- Prompt -
How many lines in the data below have the string "each"? Reply with the number alone.

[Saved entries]
········

(* The collection $\mathbf{FinCorel}^\circ$ of corelations is closed under composition and tensor in $\mathbf{FinCorel}$ and contains all identities and symmetries; hence $\mathbf{FinCorel}^\circ$ is a sub-PROP of $\mathbf{FinCorel}$.
   Context: A PROP is a strict symmetric monoidal category whose monoid of objects is $(\mathbb{N},+,0)$. Write $\underline{m}=\{1,\dots,m\}$. $\mathbf{FinCorel}$ is the PROP whose morphisms $m\to n$ are equivalence relations on $\underline{m}\sqcup\underline{n}$; the composite of $R:m\to n$ and $S:n\to p$ is the restriction to $\underline{m}\sqcup\underline{p}$ of the equivalence relation generated by $R\cup S$ on $\underline{m}\sqcup\underline{n}\sqcup\underline{p}$; tensor is disjoint union with reindexing by addition; the identity at $n$ identifies each input $i$ with output $i$; symmetries are transposition corelations. $\mathbf{FinCorel}^\circ$ consists of those corelations $R:m\to n$ such that (a) every equivalence class of $R$ contains exactly one element of $\underline{m}$ and (b) every equivalence class contains at least one element of $\underline{n}$. *)

From mathcomp Require Import all_boot.
Set Implicit Arguments. Unset Strict Implicit. Unset Printing Implicit Defensive.

(* The set  m ⊔ n  of a corelation m -> n is the finite type 'I_m + 'I_n:
   inputs are inl i, outputs are inr j (0-based indexing of {1..m}). *)
Definition corel_carrier (m n : nat) : finType := ('I_m + 'I_n)%type.

Definition is_corel (m n : nat) (R : rel (corel_carrier m n)) : Prop :=
  reflexive R /\ symmetric R /\ transitive R.

Definition cmp_toR (m n p : nat) (x : ('I_m + 'I_n + 'I_p)%type)
  : option ('I_m + 'I_n) :=
  match x with
  | inl (inl i) => Some (inl i)
  | inl (inr j) => Some (inr j)
  | inr _ => None
  end.

Definition cmp_toS (m n p : nat) (x : ('I_m + 'I_n + 'I_p)%type)
  : option ('I_n + 'I_p) :=
  match x with
  | inl (inl _) => None
  | inl (inr j) => Some (inl j)
  | inr k => Some (inr k)
  end.

Definition opt_rel (T : Type) (R : rel T) (a b : option T) : bool :=
  match a, b with Some a', Some b' => R a' b' | _, _ => false end.

(* R ∪ S viewed as a relation on m ⊔ n ⊔ p *)
Definition cmp_edge (m n p : nat) (R : rel (corel_carrier m n))
  (S : rel (corel_carrier n p)) : rel ('I_m + 'I_n + 'I_p)%type :=
  fun x y => opt_rel R (cmp_toR x) (cmp_toR y) || opt_rel S (cmp_toS x) (cmp_toS y).

Definition cmp_gen (m n p : nat) (R : rel (corel_carrier m n))
  (S : rel (corel_carrier n p)) : rel ('I_m + 'I_n + 'I_p)%type :=
  connect (fun x y => cmp_edge R S x y || cmp_edge R S y x).

Definition cmp_embed (m n p : nat) (x : corel_carrier m p) : ('I_m + 'I_n + 'I_p)%type :=
  match x with inl i => inl (inl i) | inr k => inr k end.

Definition corel_comp (m n p : nat) (R : rel (corel_carrier m n))
  (S : rel (corel_carrier n p)) : rel (corel_carrier m p) :=
  fun x y => cmp_gen R S (cmp_embed n x) (cmp_embed n y).

Definition tns_part (m n m' n' : nat) (x : corel_carrier (m + m') (n + n'))
  : (corel_carrier m n + corel_carrier m' n')%type :=
  match x with
  | inl i => match split i with inl a => inl (inl a) | inr b => inr (inl b) end
  | inr j => match split j with inl a => inl (inr a) | inr b => inr (inr b) end
  end.

Definition corel_tensor (m n m' n' : nat) (R : rel (corel_carrier m n))
  (R' : rel (corel_carrier m' n')) : rel (corel_carrier (m + m') (n + n')) :=
  fun x y =>
    match tns_part x, tns_part y with
    | inl a, inl b => R a b
    | inr a, inr b => R' a b
    | _, _ => false
    end.

Definition id_label (n : nat) (x : corel_carrier n n) : 'I_n :=
  match x with inl i => i | inr j => j end.

Definition corel_id (n : nat) : rel (corel_carrier n n) :=
  fun x y => id_label x == id_label y.

(* ---- symmetry sigma_{m,n} : m + n -> n + m ----
   each element is labelled by its wire in 'I_m + 'I_n:
   input k of m+n is wire split k; output l of n+m is wire
   inr b if l = b < n, and inl a if l = n + a. *)
Definition sym_label (m n : nat) (x : corel_carrier (m + n) (n + m)) : ('I_m + 'I_n)%type :=
  match x with
  | inl k => split k
  | inr l => match split l with inl b => inr b | inr a => inl a end
  end.

Definition corel_sym (m n : nat) : rel (corel_carrier (m + n) (n + m)) :=
  fun x y => sym_label x == sym_label y.

Definition in_FinCorel_circ (m n : nat) (R : rel (corel_carrier m n)) : Prop :=
  is_corel R /\
  forall x : corel_carrier m n,
    #|[set i : 'I_m | R x (inl i)]| = 1 /\ exists j : 'I_n, R x (inr j).

Arguments corel_id n : clear implicits.
Arguments corel_sym m n : clear implicits.

(* A corelation R : m -> n lies in FinCorel° exactly when it is the kernel of
   a labelling f : m ⊔ n -> m that fixes every input and is hit by some
   output on every input.  Identities and symmetries are such kernels
   directly, and a tensor is labelled summand by summand.  For a composite
   R ; S, label an output k of S by f (g k), where f and g label R and S: every
   edge of R ∪ S preserves this glued label, and every element of m ⊔ n ⊔ p is
   joined to the input carrying its label, so the generated equivalence is
   exactly the kernel of the glued labelling. *)

From mathcomp Require Import all_boot.
Set Implicit Arguments. Unset Strict Implicit. Unset Printing Implicit Defensive.

Lemma card_set_eq1P (T : finType) (P : pred T) :
  reflect (exists i, forall k, P k = (k == i)) (#|[set k | P k]| == 1).
Proof.
apply: (iffP cards1P) => [[i /setP Pi] | [i Pi]]; exists i.
  by move=> k; have := Pi k; rewrite !inE.
by apply/setP => k; rewrite !inE.
Qed.

Lemma connect_invariant (T : finType) (U : eqType) (e : rel T) (h : T -> U) :
  (forall x y, e x y -> h x = h y) -> forall x y, connect e x y -> h x = h y.
Proof.
move=> eh x y /connectP[q e_q ->]; elim: q x e_q => //= z q IHq x /andP[/eh-> ].
exact: IHq.
Qed.

Definition input_labelling (m n : nat) (f : corel_carrier m n -> 'I_m) : Prop :=
  (forall i, f (inl i) = i) /\ (forall i, exists j, f (inr j) = i).

Lemma in_FinCorel_circP (m n : nat) (R : rel (corel_carrier m n)) :
  in_FinCorel_circ R <->
  exists2 f, input_labelling f & R =2 [rel x y | f x == f y].
Proof.
split=> [[[Rrefl [Rsym Rtrans]] Rclass] | [f [f_in f_out] Rf]].
  have uniq_in x i i' : R x (inl i) -> R x (inl i') -> i = i'.
    have /eqP/card_set_eq1P[i0 Ri0] := (Rclass x).1.
    by rewrite !Ri0 => /eqP-> /eqP->.
  have /fin_all_exists[f Rf] x : exists i, R x (inl i).
    by have /eqP/card_set_eq1P[i0 Ri0] := (Rclass x).1; exists i0; rewrite Ri0.
  have Rf_eq x y : R x y = (f x == f y).
    apply/idP/eqP => [Rxy | fxy].
      by apply: (uniq_in y); [apply: Rtrans (Rf x); rewrite Rsym | apply: Rf].
    by apply: Rtrans (Rf x) _; rewrite Rsym fxy.
  have f_in i : f (inl i) = i by apply/esym/(uniq_in (inl i)); [apply: Rrefl | apply: Rf].
  exists f => //; split=> // i; have [j Rij] := (Rclass (inl i)).2.
  by exists j; apply/eqP; rewrite -[X in _ == X]f_in -Rf_eq Rsym.
split=> [|x].
  split=> [x | ]; first by rewrite Rf /=.
  split=> [x y | y x z]; rewrite !Rf /=; first by rewrite eq_sym.
  by move=> /eqP->.
split; last by have [j fj] := f_out (f x); exists j; rewrite Rf /= fj.
by apply/eqP/card_set_eq1P; exists (f x) => i; rewrite Rf /= f_in eq_sym.
Qed.

Lemma corel_id_circ (n : nat) : in_FinCorel_circ (corel_id n).
Proof.
apply/in_FinCorel_circP; exists (@id_label n) => //.
by split=> i; last exists i.
Qed.

Lemma corel_sym_circ (m n : nat) : in_FinCorel_circ (corel_sym m n).
Proof.
apply/in_FinCorel_circP; exists (unsplit \o @sym_label m n).
  split=> [k | i]; first exact: splitK.
  case Ei: (split i) (splitK i) => [a | b] <-.
    by exists (rshift n a); rewrite /= (unsplitK (inr a)).
  by exists (lshift m b); rewrite /= (unsplitK (inl b)).
by move=> x y; rewrite /= /corel_sym (can_eq unsplitK).
Qed.

Lemma corel_tensor_circ (m n m' n' : nat) (R : rel (corel_carrier m n))
    (R' : rel (corel_carrier m' n')) :
  in_FinCorel_circ R -> in_FinCorel_circ R' -> in_FinCorel_circ (corel_tensor R R').
Proof.
move=> /in_FinCorel_circP[f [f_in f_out] Rf] /in_FinCorel_circP[f' [f'_in f'_out] R'f'].
apply/in_FinCorel_circP.
pose g x := unsplit (match tns_part x with inl a => inl (f a) | inr a' => inr (f' a') end).
exists g.
  split=> [k | i].
    by rewrite /g /=; case: (split k) (splitK k) => [a | b] <-; rewrite ?f_in ?f'_in.
  case Ei: (split i) (splitK i) => [a | b] <-.
    have [j fj] := f_out a; exists (lshift n' j).
    by rewrite /g /= (unsplitK (inl j)) fj.
  have [j fj] := f'_out b; exists (rshift n j).
  by rewrite /g /= (unsplitK (inr j)) fj.
move=> x y; rewrite /= /g /corel_tensor (can_eq unsplitK).
by case: (tns_part x) => a; case: (tns_part y) => b; rewrite ?Rf ?R'f'.
Qed.

Section Composition.

Variables (m n p : nat) (R : rel (corel_carrier m n)) (S : rel (corel_carrier n p)).
Variables (f : corel_carrier m n -> 'I_m) (g : corel_carrier n p -> 'I_n).
Hypotheses (Rf : R =2 [rel x y | f x == f y]) (Sg : S =2 [rel x y | g x == g y]).
Hypotheses (f_in : forall i, f (inl i) = i) (g_in : forall j, g (inl j) = j).

Definition cmp_embS (w : corel_carrier n p) : ('I_m + 'I_n + 'I_p)%type :=
  match w with inl j => inl (inr j) | inr k => inr k end.

Definition glued_label (z : 'I_m + 'I_n + 'I_p) : 'I_m :=
  match z with inl w => f w | inr k => f (inr (g (inr k))) end.

Lemma cmp_gen_R w w' : R w w' -> cmp_gen R S (inl w) (inl w').
Proof.
by move=> Rw; apply: connect1; rewrite /cmp_edge; case: w w' Rw => [?|?] [?|?] /= ->.
Qed.

Lemma cmp_gen_S w w' : S w w' -> cmp_gen R S (cmp_embS w) (cmp_embS w').
Proof.
move=> Sw; apply: connect1; rewrite /cmp_edge.
by case: w w' Sw => [?|?] [?|?] /= ->; rewrite ?orbT.
Qed.

Lemma glued_label_edge x y : cmp_edge R S x y -> glued_label x = glued_label y.
Proof.
case: x y => [[?|?]|?] [[?|?]|?]; rewrite /cmp_edge /= ?Rf ?Sg /= ?g_in ?orbF //.
all: by [move=> /eqP-> | case/orP=> /eqP->].
Qed.

Lemma cmp_gen_glued_label z z' : cmp_gen R S z z' = (glued_label z == glued_label z').
Proof.
apply/idP/eqP; first by apply: connect_invariant => x y /orP[] /glued_label_edge.
move=> glued_eq.
have to_root x : cmp_gen R S x (inl (inl (glued_label x))).
  case: x => [[i | j] | k] /=; first by rewrite f_in; apply: connect0.
    by apply: (cmp_gen_R (w := inr j)); rewrite Rf /= f_in.
  apply: connect_trans (cmp_gen_S (w := inr k) (w' := inl (g (inr k))) _) _.
    by rewrite Sg /= g_in.
  by apply: (cmp_gen_R (w := inr _)); rewrite Rf /= f_in.
have cmp_gen_sym : symmetric (cmp_gen R S).
  by apply: sym_connect_sym => x y; rewrite orbC.
have root_z' := to_root z'; rewrite cmp_gen_sym -glued_eq in root_z'.
exact: connect_trans (to_root z) root_z'.
Qed.

End Composition.

Lemma corel_comp_circ (m n p : nat) (R : rel (corel_carrier m n))
    (S : rel (corel_carrier n p)) :
  in_FinCorel_circ R -> in_FinCorel_circ S -> in_FinCorel_circ (corel_comp R S).
Proof.
move=> /in_FinCorel_circP[f [f_in f_out] Rf] /in_FinCorel_circP[g [g_in g_out] Sg].
apply/in_FinCorel_circP; exists (glued_label f g \o @cmp_embed m n p).
  split=> [i | i]; first exact: f_in.
  have [j fj] := f_out i; have [k gk] := g_out j.
  by exists k; rewrite /= gk fj.
by move=> x y; apply: cmp_gen_glued_label.
Qed.

Theorem proposition2p12 :
  (forall (m n p : nat) (R : rel (corel_carrier m n)) (S : rel (corel_carrier n p)),
      in_FinCorel_circ R -> in_FinCorel_circ S -> in_FinCorel_circ (corel_comp R S)) /\
  (forall (m n m' n' : nat) (R : rel (corel_carrier m n)) (R' : rel (corel_carrier m' n')),
      in_FinCorel_circ R -> in_FinCorel_circ R' -> in_FinCorel_circ (corel_tensor R R')) /\
  (forall n : nat, in_FinCorel_circ (corel_id n)) /\
  (forall m n : nat, in_FinCorel_circ (corel_sym m n)).
Proof.
split; first exact: corel_comp_circ.
split; first exact: corel_tensor_circ.
split; first exact: corel_id_circ.
exact: corel_sym_circ.
Qed.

········

- Your response -
2